(* Let $f\in\{0,1\}^n$ be tilde-non-isometric. Then either $f$ has a $1$-tilde-error overlap of type S, or $f$ has a $2$-tilde-error overlap.
   Context: Words are over $\{0,1\}$. For $w$ of length $n$: $w[i]$ is its $i$-th symbol, $\mathrm{pre}_l(w)=w[1..l]$ and $\mathrm{suf}_l(w)=w[n-l+1..n]$. A word is $f$-free if it does not contain $f$ as a factor. Operations: the replacement $R_i$ flips the symbol at position $i$. The swap $S_i$ is defined when $w[i]\ne w[i+1]$ and exchanges these two symbols. $\mathrm{dist}_\sim(u,v)$ is the minimum number of replacements and swaps transforming $u$ into the equal-length word $v$. A tilde-transformation from $u$ to $v$ is a sequence of words from $u$ to $v$, each obtained from the previous by one replacement or swap. It is minimal if it uses exactly $\mathrm{dist}_\sim(u,v)$ operations and each position is modified by at most one operation (a swap $S_i$ modifies positions $i,i+1$). A word $f$ of length $n$ is tilde-isometric if, for every $m>n$ and all $f$-free $u,v\in\{0,1\}^m$, there exists a minimal tilde-transformation from $u$ to $v$ all of whose words are $f$-free. Otherwise it is tilde-non-isometric. $f$ has a $q$-tilde-error overlap of length $l$, where $1\le l\le n-1$, if $\mathrm{dist}_\sim(\mathrm{pre}_l(f),\mathrm{suf}_l(f))=q$. A $1$-tilde-error overlap of length $l$ is of type S if $\mathrm{suf}_l(f)=S_i(\mathrm{pre}_l(f))$ for some $i$. *)

From mathcomp Require Import all_boot.
Set Implicit Arguments. Unset Strict Implicit. Unset Printing Implicit Defensive.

——

Would you please state how many lines in the material hold "error"? The number alone will do.

2